Topics: Antioxidants; Ascorbic Acid; Brassica; Carotenoids; Glucosinolates; Imidoesters; Melatonin; Oximes; Phenols; Sulfoxides; Temperature

The variation of glucosinolates and quinone reductase (QR) activity in fourteen varieties of Chinese kale (Brassica oleracea var. alboglabra Bailey) was investigated in the present study. Results showed that gluconapin (GNA), instead of glucoraphanin (GRA), was the most predominant glucosinolate in all varieties, and QR activity was remarkably positively correlated with the glucoraphanin level. AOP2, a tandem 2-oxoglutarate-dependent dioxygenase, catalyzes the conversion of glucoraphanin to gluconapin in glucosinolate biosynthesis.

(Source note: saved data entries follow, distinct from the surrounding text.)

(* Let $\mathbb{F}$ be an algebraically closed field with $\mathrm{char}\,\mathbb{F}=2$ and $n\ge1$. Then the algebra $T_n$ of trace ${\rm G}_2$-invariants is generated by $S_n$, and no proper subset of $S_n$ generates $T_n$.
   Context: The split octonion algebra $\mathbf{O}$ is the 8-dimensional $\mathbb{F}$-vector space of formal matrices $a=\begin{pmatrix}\alpha&\mathbf{u}\\ \mathbf{v}&\beta\end{pmatrix}$ with $\alpha,\beta\in\mathbb{F}$, $\mathbf{u},\mathbf{v}\in\mathbb{F}^3$, with multiplication $\begin{pmatrix}\alpha&\mathbf{u}\\ \mathbf{v}&\beta\end{pmatrix}\begin{pmatrix}\alpha'&\mathbf{u}'\\ \mathbf{v}'&\beta'\end{pmatrix}=\begin{pmatrix}\alpha\alpha'+\mathbf{u}\cdot\mathbf{v}'&\alpha\mathbf{u}'+\beta'\mathbf{u}-\mathbf{v}\times\mathbf{v}'\\ \alpha'\mathbf{v}+\beta\mathbf{v}'+\mathbf{u}\times\mathbf{u}'&\beta\beta'+\mathbf{v}\cdot\mathbf{u}'\end{pmatrix}$ (dot product and cross product on $\mathbb{F}^3$). Trace $\mathrm{tr}(a)=\alpha+\beta$, norm $n(a)=\alpha\beta-\mathbf{u}\cdot\mathbf{v}$. ${\rm G}_2=\mathrm{Aut}(\mathbf{O})$. $T_n$ is the subalgebra of the polynomial ring $\mathbb{F}[\mathbf{O}^n]$ generated by the functions $\underline{a}\mapsto n(a_i)$ ($1\le i\le n$) and $\underline{a}\mapsto\mathrm{tr}(w(a_1,\ldots,a_n))$ for all non-empty non-associative words $w$ in $n$ letters. $S_n$ is the set consisting of $\underline{a}\mapsto n(a_i)$ ($1\le i\le n$) and $\underline{a}\mapsto\mathrm{tr}((\cdots((a_{i_1}a_{i_2})a_{i_3})\cdots)a_{i_k})$ for all $k\ge 1$ and $1\le i_1<\cdots<i_k\le n$. *)

From HB Require Import structures.
From mathcomp Require Import all_boot all_order all_algebra.
From mathcomp Require Import mpoly.
Set Implicit Arguments. Unset Strict Implicit. Unset Printing Implicit Defensive.
Import GRing.Theory.
Local Open Scope ring_scope.

(* Split octonions over a commutative ring R, in Zorn vector-matrix form:
   a = [[alpha, u], [v, beta]] with alpha, beta in R, u, v in R^3. *)
Definition vec3 (R : Type) := (R * R * R)%type.

Section Oct.
Variable R : comRingType.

Here, antisense AOP2 was transformed into Gailan-04, the variety with the highest gluconapin content and ratio of GNA/GRA. The glucoraphanin content and corresponding QR activity were notably increased in transgenic plants, while no significant difference at the level of other main nutritional compounds (total phenolics, vitamin C, carotenoids and chlorophyll) was observed between the transgenic lines and the wide-type plants. Taken together, metabolic engineering is a good practice for improvement of glucoraphanin in Chinese kale.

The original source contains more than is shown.